Alvarez also said that relief aid for the vulnerable sector, and those who were not part of the qualified working sectors, would continue.
“Marami tayong pera. Bibili tayo ng bigas at goods para sa vulnerable sector. Tuloy pa din ‘yong community kitchen. Hindi naman lahat puwede na mag-trabaho kaya tuloy pa din ang tulong,” Alvarez added.
He added that a more robust medical response would be enforced as the island province gradually reboots the working force.
“Papa-igtingin pa natin ‘yong sa medical; bibili tayo ng ventilators, gamot, at pagtayo ng quarantine facilities para ‘yong may sakit, ubo o TB halimbawa, ihiwalay na sila agad para hindi na makahawa,” he added.
Back to Work
Roque announced that the inter agency task force has recommended a partial and gradual opening of other sectors and industries in provinces under GCQ to “restart the economy”.
“All other provinces not mentioned will be under ‘general community quarantine,’ where they must observe the new normal. For areas under general community quarantine, pwedeng magtrabaho ang mga manggagawa mula piling sektor,” he said.
Workers and sectors in category I, II and III may continue to work or operate in phases including 100% opening for industries in agriculture, fishery, forestry, food manufacturing, raw material and food retail, supermarket, restaurant for take-out or delivery only, healthcare, logistics, telecommunications, water, energy, internet, and media.
* 50-100% opening in other manufacturing such as e-commerce, electronics, and exports.
* 50% onsite work and 50% work from home for financial services, BPO, other non-leisure wholesale and retail trade, other non-leisure services.
Roque also said that the general public under GCQ may be allowed to go out with restricted movement.
“Ang mga bata at may edad 60 pataas ay mananatili sa bahay. Papayagan ang mga mall na magbukas, ang public transport pwede at reduced capacity,” he said.
The general population may go out of their homes only for purposes of accessing basic necessities. However, those with ages below 21 years old and those 60 years old and above as well as those with ages ranging from 21 years old but below 60 years old but who reside with co-morbidities or other risk factors shall stay home.
Non-leisure stores in malls and shopping centers may partially open with strict observance of physical distancing and wearing face masks.
Roque pointed out that other activities may start operations by September provided that the low number of confirmed active COVID-19 continue to dwindle by May.
“Consider in GCQ areas under moderate-low risk late opening in September (except for online learning) leisure, amusement, gaming, and fitness, tourism, all gatherings including religious and others,” he said.
Back to School
The higher education institutions may continue classes to finish the academic year and issue credentials to students in accordance with guidelines as may be issued by the Commission on Higher Education (CHED).

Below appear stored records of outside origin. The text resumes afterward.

(* For every integer $p\ge 1$, the edge set of $K_{4p,4p,4p}\times K_2$ can be partitioned into $2p+1$ planar subgraphs; in particular $\theta(K_{4p,4p,4p}\times K_2)\le 2p+1$.
   Context: The thickness $\theta(G)$ of a graph $G$ is the minimum number of planar subgraphs whose union is $G$. The Kronecker product $G\times H$ of graphs $G$ and $H$ is the graph with vertex set $V(G)\times V(H)$ in which $(g,h)$ and $(g',h')$ are adjacent if and only if $gg'\in E(G)$ and $hh'\in E(H)$. $K_{n,n,n}$ denotes the complete tripartite graph with three parts of size $n$. *)

From Stdlib Require Import Reals.
Open Scope R_scope.

Definition idx (n : nat) : Type := { i : nat | (i < n)%nat }.

(* A (simple, undirected) graph is given by a vertex type and an adjacency relation. *)

Definition Knnn_V (n : nat) : Type := (idx 3 * idx n)%type.
Definition Knnn_adj (n : nat) (x y : Knnn_V n) : Prop :=
  proj1_sig (fst x) <> proj1_sig (fst y).

Definition K2_adj (b c : bool) : Prop := b <> c.

Definition kron {VG VH : Type} (adjG : VG -> VG -> Prop) (adjH : VH -> VH -> Prop)
  (x y : VG * VH) : Prop :=
  adjG (fst x) (fst y) /\ adjH (snd x) (snd y).

Definition planar {V : Type} (adj : V -> V -> Prop) : Prop :=
  exists (pos : V -> R * R) (arc : V -> V -> R -> R * R),
    (forall u v, pos u = pos v -> u = v) /\
    (forall u v, adj u v ->
       continuity (fun t => fst (arc u v t)) /\
       continuity (fun t => snd (arc u v t)) /\
       arc u v 0 = pos u /\ arc u v 1 = pos v /\
       (forall s t, 0 <= s <= 1 -> 0 <= t <= 1 -> arc u v s = arc u v t -> s = t) /\
       (forall t w, 0 < t < 1 -> arc u v t <> pos w) /\
       (forall t, arc v u t = arc u v (1 - t))) /\
    (forall u v x y, adj u v -> adj x y ->
       ~ ((u = x /\ v = y) \/ (u = y /\ v = x)) ->
       forall s t, 0 < s < 1 -> 0 < t < 1 -> arc u v s <> arc x y t).

Definition planar_edge_partition {V : Type} (adj : V -> V -> Prop) (k : nat) : Prop :=
  exists c : V -> V -> nat,
    (forall u v, adj u v -> c u v = c v u /\ (c u v < k)%nat) /\
    (forall i, (i < k)%nat -> planar (fun u v => adj u v /\ c u v = i)).

Definition thickness_le {V : Type} (adj : V -> V -> Prop) (k : nat) : Prop :=
  exists sub : nat -> V -> V -> Prop,
    (forall i, (i < k)%nat -> forall u v, sub i u v -> adj u v) /\
    (forall i, (i < k)%nat -> planar (sub i)) /\
    (forall u v, adj u v -> exists i, (i < k)%nat /\ sub i u v).

From Stdlib Require Import Reals Arith Lia Lra.

(* The Kronecker product is a blow-up of a hexagon: grouping the vertices by
   (part, side) gives six groups of 4p vertices, and two vertices are adjacent
   iff their groups are consecutive on the hexagon.  Orient each edge along the
   hexagon.  Edges joining vertices of equal index form 4p disjoint hexagons:
   this is the last class.  The remaining edges between a group and the next
   one form a copy of K_{4p,4p} minus a perfect matching, and an explicit
   arithmetic labelling (kclass) splits it into p pieces, each mapped
   injectively into a fixed bipartite quadrangulation (the template).  The
   classes m*p + k (m < 2, k < p) gather the pieces of label k of the three
   copies whose tail groups have parity m.

   Planarity is shown by two-page book embeddings: vertices on a spine
   (ordered lexicographically on nat * nat, then embedded in R), edges drawn
   as parabolic arches above or below it; arches on the same page meet only if
   their chords cross. *)

Definition strictly_inside {T : Type} (lt : T -> T -> Prop) (y a b : T) : Prop :=
  (lt a y /\ lt y b) \/ (lt b y /\ lt y a).

Definition strictly_outside {T : Type} (lt : T -> T -> Prop) (y a b : T) : Prop :=
  (lt y a /\ lt y b) \/ (lt a y /\ lt b y).

Definition crossing {T : Type} (lt : T -> T -> Prop) (a b c d : T) : Prop :=
  (strictly_inside lt c a b /\ strictly_outside lt d a b) \/
  (strictly_inside lt d a b /\ strictly_outside lt c a b).

Lemma crossing_swap_l {T : Type} (lt : T -> T -> Prop) a b c d :
  crossing lt a b c d -> crossing lt b a c d.
Proof. unfold crossing, strictly_inside, strictly_outside; tauto. Qed.

Lemma crossing_swap_r {T : Type} (lt : T -> T -> Prop) a b c d :
  crossing lt a b c d -> crossing lt a b d c.
Proof. unfold crossing, strictly_inside, strictly_outside; tauto. Qed.

Lemma crossing_reflect {T U : Type} (ltT : T -> T -> Prop) (ltU : U -> U -> Prop)
    (f : T -> U) a b c d :
  (forall x y, ltU (f x) (f y) -> ltT x y) ->
  crossing ltU (f a) (f b) (f c) (f d) -> crossing ltT a b c d.
Proof. intros Hf. unfold crossing, strictly_inside, strictly_outside. intuition. Qed.

Definition noncrossing {V T : Type} (lt : T -> T -> Prop) (adj : V -> V -> Prop)
    (x : V -> T) (page : V -> V -> bool) : Prop :=
  forall u v w z, adj u v -> adj w z -> page u v = page w z ->
    ~ crossing lt (x u) (x v) (x w) (x z).

Lemma noncrossing_reflect {V T U : Type} (ltT : T -> T -> Prop) (ltU : U -> U -> Prop)
    (f : T -> U) (adj : V -> V -> Prop) x page :
  (forall a b, ltU (f a) (f b) -> ltT a b) ->
  noncrossing ltT adj x page -> noncrossing ltU adj (fun v => f (x v)) page.
Proof.
  intros Hf Hnc u v w z Huv Hwz Hp Hcr.
  exact (Hnc u v w z Huv Hwz Hp (crossing_reflect ltT ltU f _ _ _ _ Hf Hcr)).
Qed.

Lemma noncrossing_pullback {V W T : Type} (lt : T -> T -> Prop)
    (adj : V -> V -> Prop) (adjW : W -> W -> Prop) (f : V -> W) x page :
  (forall u v, adj u v -> adjW (f u) (f v)) ->
  noncrossing lt adjW x page ->
  noncrossing lt adj (fun v => x (f v)) (fun u v => page (f u) (f v)).
Proof. intros Hf Hnc u v w z Huv Hwz. apply Hnc; auto. Qed.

However, for elementary and secondary educational institutions, the IATF recommended late school opening by September.
Public transportation may operate at a reduced capacity in accordance with guidelines as may be issued by the Department of Transportation (DOTr).
However, Roque pointed out that curfew may still be imposed by the local government units at night for non-workers.

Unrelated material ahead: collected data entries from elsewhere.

Lemma delta_sum (z : {ffun T -> int}) : z = \sum_v delta v *~ z v.
Proof.
apply/ffunP => x; rewrite sum_ffunE (bigD1 x) //= big1 => [|y yx].
  by rewrite ffunMzE deltaxx mulrzz mul1r addr0.
by rewrite ffunMzE delta_neq ?mul0rz // eq_sym.
Qed.

Lemma raddf_coord (T' : finType)
    (h : {additive {ffun T -> int} -> {ffun T' -> int}}) z p :
  h z p = \sum_v z v * h (delta v) p.
Proof.
rewrite {1}[z]delta_sum raddf_sum sum_ffunE; apply: eq_bigr => v _.
by rewrite raddfMz ffunMzE mulrzz mulrC.
Qed.

End IntVectors.

Lemma det_neq0_perm (R : comPzRingType) n (M : 'M[R]_n) :
  \det M != 0 -> exists s : 'S_n, forall i, M i (s i) != 0.
Proof.
case: (boolP [exists s : 'S_n, [forall i, M i (s i) != 0]]).
  by case/existsP => s /forallP Ms _; exists s.
move/existsPn => noperm /negP[]; rewrite /determinant big1 // => s _.
have /forallPn [i /negPn /eqP Mi0] := noperm s.
by rewrite (bigD1 i) //= Mi0 mul0r mulr0.
Qed.

Section Commutation.
Variables (n : nat) (e : rel 'I_n).
Hypothesis esym : symmetric e.

(* The y_(i,j)-coordinate of the commutator of two elements of G_Gamma with
   x-exponents u and w is u_j w_i - w_j u_i. *)
Definition vcomm (u w : vec n) : Prop :=
  forall i j, ~~ e i j -> u j * w i = w j * u i.

Lemma vcomm_sym u w : vcomm u w -> vcomm w u.
Proof. by move=> uw i j /uw ->. Qed.

Lemma vcomm_comb u w c d : vcomm u w -> vcomm u (u *~ c - w *~ d).
Proof.
move=> uw i j nij; rewrite !ffunE !ffunMzE !mulrzz !mulrBr !mulrBl.
by congr (_ - _); rewrite mulrA ?uw // mulrAC.
Qed.

Lemma gmulC_vcommP (a b : GG e) : gmul a b = gmul b a <-> vcomm a.1 b.1.
Proof.
split=> ab.
- have key (i j : 'I_n) : (i < j)%N -> ~~ e i j -> a.1 j * b.1 i = b.1 j * a.1 i.
    move=> lij nij; have pij : nadj e (i, j) by rewrite /nadj /= lij.
    have := congr1 (fun c : GG e => c.2 (exist _ (i, j) pij : Ypair e)) ab.
    by rewrite /= !ffunE /= [b.2 _ + _]addrC => /addrI.
  move=> i j nij; case: (ltngtP i j) => [lij | lji | /val_inj ->].
  + exact: key.
  + by rewrite mulrC [RHS]mulrC (key j i) // esym.
  + exact: mulrC.
- congr (_, _); apply/ffunP.
    by move=> v; rewrite !ffunE addrC.
  case=> [[i j] pij]; have /andP[_ /= nij] := pij; rewrite !ffunE /=.
  by rewrite ab // [a.2 _ + _]addrC.
Qed.

Definition nbhd_supp (p : 'I_n) (u : vec n) : Prop :=
  forall j, j != p -> ~~ e p j -> u j = 0.

Lemma vcomm_deltaP p u : vcomm (delta p) u <-> nbhd_supp p u.
Proof.
split=> [c j jp npj | s i j].
  by have := c p j npj; rewrite deltaxx delta_neq // mul0r mulr1.
rewrite !deltaE; have [-> | jp] := eqVneq j p; have [-> | ip] := eqVneq i p;
  rewrite ?mul1r ?mulr1 ?mul0r ?mulr0 // => nij.
- by rewrite s // esym.
- by rewrite s.
Qed.

Lemma vcomm_nbhd_supp0 y z p :
  vcomm y z -> z p != 0 -> y p = 0 -> nbhd_supp p y.
Proof.
move=> yz zp yp j jp npj; move: (yz p j npj); rewrite yp mulr0 => /eqP.
by rewrite mulf_eq0 (negbTE zp) orbF => /eqP.
Qed.

Lemma vcomm_nbhd_supp y z p :
  vcomm y z -> z p != 0 -> nbhd_supp p z -> nbhd_supp p y.
Proof.
move=> yz zp zN j jp npj; move: (yz p j npj); rewrite (zN j) // mul0r => /eqP.
by rewrite mulf_eq0 (negbTE zp) orbF => /eqP.
Qed.

Lemma vcomm_delta_edge v w : e v w -> vcomm (delta v) (delta w).
Proof.
move=> evw; apply/vcomm_deltaP => j _ nvj.
by rewrite delta_neq //; apply: contraNneq nvj => ->.
Qed.

End Commutation.

Section Components.
Variables (n : nat) (e : rel 'I_n).
Hypothesis esym : symmetric e.

Lemma e1_sym : symmetric (e1 e).
Proof. by move=> x y; rewrite /e1 esym [(x \in _) && _]andbC. Qed.

Lemma edge_V1 x y : e x y -> x \in V1 e.
Proof. by move=> exy; rewrite inE; apply/existsP; exists y. Qed.

Lemma e1_edge x y : e x y -> e1 e x y.
Proof. by move=> exy; rewrite /e1 exy (edge_V1 exy) (@edge_V1 y x) // esym. Qed.

Lemma gcompP i : exists2 x, x \in V1 e & gcomp e i = [set y | connect (e1 e) x y].
Proof. by rewrite /gcomp; have /imsetP[x xV ->] := enum_valP i; exists x. Qed.

Lemma gcomp_of x : x \in V1 e -> exists i, gcomp e i = [set y | connect (e1 e) x y].
Proof.
move=> xV; have Cx : [set y | connect (e1 e) x y] \in comps e by apply: imset_f.
by exists (enum_rank_in Cx [set y | connect (e1 e) x y]); rewrite /gcomp enum_rankK_in.
Qed.

Lemma gcompN0 i : gcomp e i != set0.
Proof. by apply/set0Pn; have [x _ ->] := gcompP i; exists x; rewrite inE connect0. Qed.

Lemma gcomp_mem_eq i j x : x \in gcomp e i -> x \in gcomp e j -> i = j.
Proof.
have [xi _ Ei] := gcompP i; have [xj _ Ej] := gcompP j.
rewrite Ei Ej !inE => ci cj; apply: enum_val_inj; apply/setP => y.
rewrite -[enum_val i]/(gcomp e i) -[enum_val j]/(gcomp e j) Ei Ej !inE.
have cs := sym_connect_sym e1_sym.
by rewrite (same_connect cs ci) (same_connect cs cj).
Qed.

Lemma Hsub_gcomp_inj i j :
  (forall g, Hsub e (gcomp e i) g <-> Hsub e (gcomp e j) g) -> i = j.
Proof.
move=> Hij; have /set0Pn [x xi] := gcompN0 i.
have /Hij xH : Hsub e (gcomp e i) (delta x, 0).
  by move=> v vi; rewrite /= delta_neq //; apply: contraNneq vi => ->.
apply: gcomp_mem_eq xi _; apply: contraT => /xH.
by rewrite /= deltaxx.
Qed.

End Components.

Section Embeddings.
Variables (n : nat) (e : rel 'I_n).

Definition edges (A : {set 'I_n}) : {set 'I_n * 'I_n} :=
  [set xy | [&& xy.1 \in A, xy.2 \in A & e xy.1 xy.2]].

Definition edge_embedding (h : 'I_n -> 'I_n) (A B : {set 'I_n}) : Prop :=
  [/\ {in A &, injective h}, h @: A \subset B
    & {in A &, forall x y, e x y -> e (h x) (h y)}].

Lemma edges_imset h A B : edge_embedding h A B ->
  [set (h xy.1, h xy.2) | xy in edges A] \subset edges B
  /\ #|[set (h xy.1, h xy.2) | xy in edges A]| = #|edges A|.
Proof.
case=> hinj /subsetP hAB he; split.
  apply/subsetP => _ /imsetP[[x y] + ->]; rewrite !inE /= => /and3P[xA yA exy].
  by rewrite !hAB ?imset_f ?he.
apply: card_in_imset => -[x1 y1] [x2 y2]; rewrite !inE /=.
by case/and3P=> x1A y1A _ /and3P[x2A y2A _] [/hinj-> // /hinj->].
Qed.

Lemma graph_iso_of_embeddings h h' A B :
  edge_embedding h A B -> edge_embedding h' B A -> graph_iso e A B.
Proof.
move=> hAB h'BA; have [hinj hsub he] := hAB; have [h'inj h'sub _] := h'BA.
have himg : h @: A = B.
  apply/eqP; rewrite eqEcard hsub (card_in_imset hinj).
  by rewrite -(card_in_imset h'inj) subset_leq_card.
have [hE hEcard] := edges_imset hAB; have [h'E h'Ecard] := edges_imset h'BA.
have Eimg : [set (h xy.1, h xy.2) | xy in edges A] = edges B.
  apply/eqP; rewrite eqEcard hE hEcard.
  by rewrite -h'Ecard subset_leq_card.
exists h; split=> //; split=> // x y xA yA; apply/idP/idP; last exact: he.
move=> ehxy; have : (h x, h y) \in edges B by rewrite inE /= ehxy -himg !imset_f.
rewrite -Eimg => /imsetP[[x' y']]; rewrite inE /= => /and3P[x'A y'A ex'y'] [].
by move=> /hinj-> // /hinj->.
Qed.

End Embeddings.

Section SupportMaps.
Variable n : nat.

Definition maps_into (h : vec n -> vec n) (A B : {set 'I_n}) : bool :=
  [forall v in A, forall p, (h (delta v) p != 0) ==> (p \in B)].

Lemma maps_intoP (h : vec n -> vec n) (A B : {set 'I_n}) :
  reflect (forall v p, v \in A -> h (delta v) p != 0 -> p \in B) (maps_into h A B).
Proof.
apply: (iffP forall_inP) => [hAB v p /hAB /forallP /(_ p) /implyP // | hAB v vA].
by apply/forallP => p; apply/implyP; apply: hAB.
Qed.

Lemma maps_into_vanish (h : {additive vec n -> vec n}) A B (z : vec n) :
  maps_into h A B -> (forall v, v \notin A -> z v = 0) ->
  forall p, p \notin B -> h z p = 0.
Proof.
move=> /maps_intoP hAB zA p pB; rewrite raddf_coord big1 // => v _.
have [vA | /zA -> ] := boolP (v \in A); last by rewrite mul0r.
have /eqP -> : h (delta v) p == 0 by apply: contraNT pB; apply: hAB.
by rewrite mulr0.
Qed.

End SupportMaps.

Section CommPreserving.
Variables (n : nat) (e : rel 'I_n).
Hypotheses (esym : symmetric e) (eirr : irreflexive e).

Variables f g : {additive vec n -> vec n}.
Hypotheses (fK : cancel f g) (gK : cancel g f).
Hypotheses (fC : forall u w, vcomm e u w -> vcomm e (f u) (f w))
           (gC : forall u w, vcomm e u w -> vcomm e (g u) (g w)).

Lemma supp_perm : exists s : 'S_n, forall v, f (delta v) (s v) != 0.
Proof.
pose M := \matrix_(v, p) f (delta v) p; pose N := \matrix_(p, x) g (delta p) x.
have MN : M *m N = 1%:M.
  apply/matrixP => v x; rewrite !mxE natz eq_sym -deltaE -{1}(fK (delta v)).
  by rewrite raddf_coord; apply: eq_bigr => p _; rewrite !mxE.
have detM : \det M != 0.
  have := congr1 determinant MN; rewrite det_mulmx det1.
  by apply: contra_eqN => /eqP->; rewrite mul0r eq_sym oner_eq0.
by have [s Ms] := det_neq0_perm detM; exists s => v; have := Ms v; rewrite mxE.
Qed.

Lemma supp_exists v : exists p, f (delta v) p != 0.
Proof. by have [s sP] := supp_perm; exists (s v). Qed.

Lemma supp_edge v w p q : e v w ->
  f (delta v) p != 0 -> f (delta w) q != 0 -> p != q -> e p q.
Proof.
move=> evw; set a := f (delta v); set b := f (delta w) => ap bq pq.
apply/negPn/negP => npq; have vw : v != w by apply: contraTneq evw => ->; rewrite eirr.
have ab : vcomm e a b := fC (vcomm_delta_edge esym evw).
have abpq := ab p q npq.
have aq : a q != 0.
  by apply: contraNneq (mulf_neq0 bq ap) => aq0; rewrite -abpq aq0 mul0r.
have bp : b p != 0.
  by apply: contraNneq (mulf_neq0 bq ap) => bp0; rewrite -abpq bp0 mulr0.
(* u commutes with x_p; pulling back by g and pushing forward by f shows that
   a commutes with x_p too, whence a_q = 0. *)
pose u := a *~ b p - b *~ a p.
have up : u p = 0 by rewrite !ffunE !ffunMzE !mulrzz mulrC subrr.
have uN : nbhd_supp e p u := vcomm_nbhd_supp0 (vcomm_sym (vcomm_comb _ _ ab)) ap up.
have gu : g u = delta v *~ b p - delta w *~ a p by rewrite raddfB !(raddfMz g) !fK.
have guN : nbhd_supp e v (g u).
  move=> j jv nvj; have jw : j != w by apply: contraNneq nvj => ->.
  by rewrite gu !ffunE !ffunMzE !delta_neq // !mul0rz subrr.
have guv : g u v != 0.
  by rewrite gu !ffunE !ffunMzE deltaxx delta_neq // mul0rz subr0 mulrzz mul1r.
have gpN := vcomm_nbhd_supp (gC ((vcomm_deltaP esym p u).2 uN)) guv guN.
have := fC ((vcomm_deltaP esym v _).2 gpN); rewrite gK -/a.
move=> /vcomm_sym /(vcomm_deltaP esym) /(_ q); rewrite eq_sym pq => /(_ isT npq).
by move/eqP; rewrite (negbTE aq).
Qed.

Lemma supp_V1 v p : v \in V1 e -> f (delta v) p != 0 -> p \in V1 e.
Proof.
rewrite inE => /existsP[w evw] ap.
have vw : v != w by apply: contraTneq evw => ->; rewrite eirr.
have [q bq] := supp_exists w.
have pV1 r : e p r -> p \in V1 e := @edge_V1 _ _ p r.
have [qp | qp] := eqVneq q p; last first.
  by apply: (pV1 q); apply: supp_edge evw ap bq _; rewrite eq_sym.
subst q; pose other r := (r != p) && ((f (delta v) r != 0) || (f (delta w) r != 0)).
have [r /andP[rp /orP[ar | br]] | none] := pickP other.
- by apply: (pV1 r); rewrite esym; apply: supp_edge evw ar bq rp.
- by apply: (pV1 r); apply: supp_edge evw ap br _; rewrite eq_sym.
(* Otherwise f (delta v) and f (delta w) are both multiples of delta p,
   which contradicts the injectivity of f. *)
have ab0 : f (delta v) *~ f (delta w) p - f (delta w) *~ f (delta v) p = 0.
  apply/ffunP => r; rewrite !ffunE !ffunMzE !mulrzz.
  have [-> | rp] := eqVneq r p; first by rewrite mulrC subrr.
  have /negbT := none r; rewrite /other rp negb_or !negbK => /andP[/eqP-> /eqP->].
  by rewrite !mul0r subrr.
have := congr1 (fun z => g z v) ab0; rewrite raddfB !(raddfMz g) !fK raddf0.
rewrite !ffunE !ffunMzE deltaxx delta_neq // mul0rz subr0 mulrzz mul1r => /eqP.
by rewrite (negbTE bq).
Qed.

Lemma supp_connect_edge v w p q : e v w ->
  f (delta v) p != 0 -> f (delta w) q != 0 -> connect (e1 e) p q.
Proof.
move=> evw ap bq; have [-> // | pq] := eqVneq p q.
exact/connect1/(e1_edge esym)/(supp_edge evw ap bq pq).
Qed.

Lemma supp_connect v w p q : v \in V1 e -> connect (e1 e) v w ->
  f (delta v) p != 0 -> f (delta w) q != 0 -> connect (e1 e) p q.
Proof.
move=> vV1 cvw ap.
pose P := [pred x | [forall r, (f (delta x) r != 0) ==> connect (e1 e) p r]].
have step x y : e1 e x y -> x \in P -> y \in P.
  case/and3P=> exy _ _ /forallP Px; apply/forallP => r; apply/implyP => yr.
  have [t xt] := supp_exists x.
  exact: connect_trans (implyP (Px t) xt) (supp_connect_edge exy xt yr).
have closedP : closed (e1 e) P.
  by move=> x y exy; apply/idP/idP; apply: step; rewrite // e1_sym.
have Pv : v \in P.
  move: vV1; rewrite inE => /existsP[y evy]; have [t yt] := supp_exists y.
  apply/forallP => r; apply/implyP => vr.
  apply: connect_trans (supp_connect_edge evy ap yt) _.
  by rewrite (sym_connect_sym (e1_sym esym)); apply: supp_connect_edge evy vr yt.
by rewrite (closed_connect closedP cvw) in Pv; move/forallP/(_ q)/implyP: Pv.
Qed.

Lemma maps_into_gcomp i : exists j, maps_into f (gcomp e i) (gcomp e j).
Proof.
have [x xV1 Ei] := gcompP i; have [p xp] := supp_exists x.
have [j Ej] := gcomp_of (supp_V1 xV1 xp); exists j.
apply/maps_intoP => v q; rewrite Ei Ej !inE => cxv vq.
exact: supp_connect xV1 cxv xp vq.
Qed.

Definition comp_map i := odflt i [pick j | maps_into f (gcomp e i) (gcomp e j)].

Lemma comp_mapP i : maps_into f (gcomp e i) (gcomp e (comp_map i)).
Proof.
rewrite /comp_map; case: pickP => [j // | none].
by have [j] := maps_into_gcomp i; rewrite none.
Qed.

Lemma maps_into_gcomp_inv i j k :
  maps_into f (gcomp e i) (gcomp e j) -> maps_into g (gcomp e j) (gcomp e k) ->
  i = k.
Proof.
move=> /maps_intoP fij /maps_intoP gjk; have /set0Pn[x xi] := gcompN0 i.
have [p xp px] : exists2 p, f (delta x) p != 0 & g (delta p) x != 0.
  have : g (f (delta x)) x != 0 by rewrite fK deltaxx oner_eq0.
  rewrite raddf_coord; case: (pickP [pred p | f (delta x) p * g (delta p) x != 0]).
    by move=> p /=; rewrite mulf_eq0 negb_or => /andP[]; exists p.
  by move=> none; rewrite big1 ?eqxx // => p _; apply/eqP/negbFE/none.
exact: (gcomp_mem_eq esym xi (gjk p x (fij x p xi xp) px)).
Qed.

“Papayagan din ang public transport to operate at reduced capacity at ang LGU to impose curfew at night doon sa mga hindi manggagawa,” he added.
Airports and seaports may operate only to ensure the unhampered movement of goods.
Priority and essential construction projects were also resumed in accordance with guidelines that may be issued by the DPWH.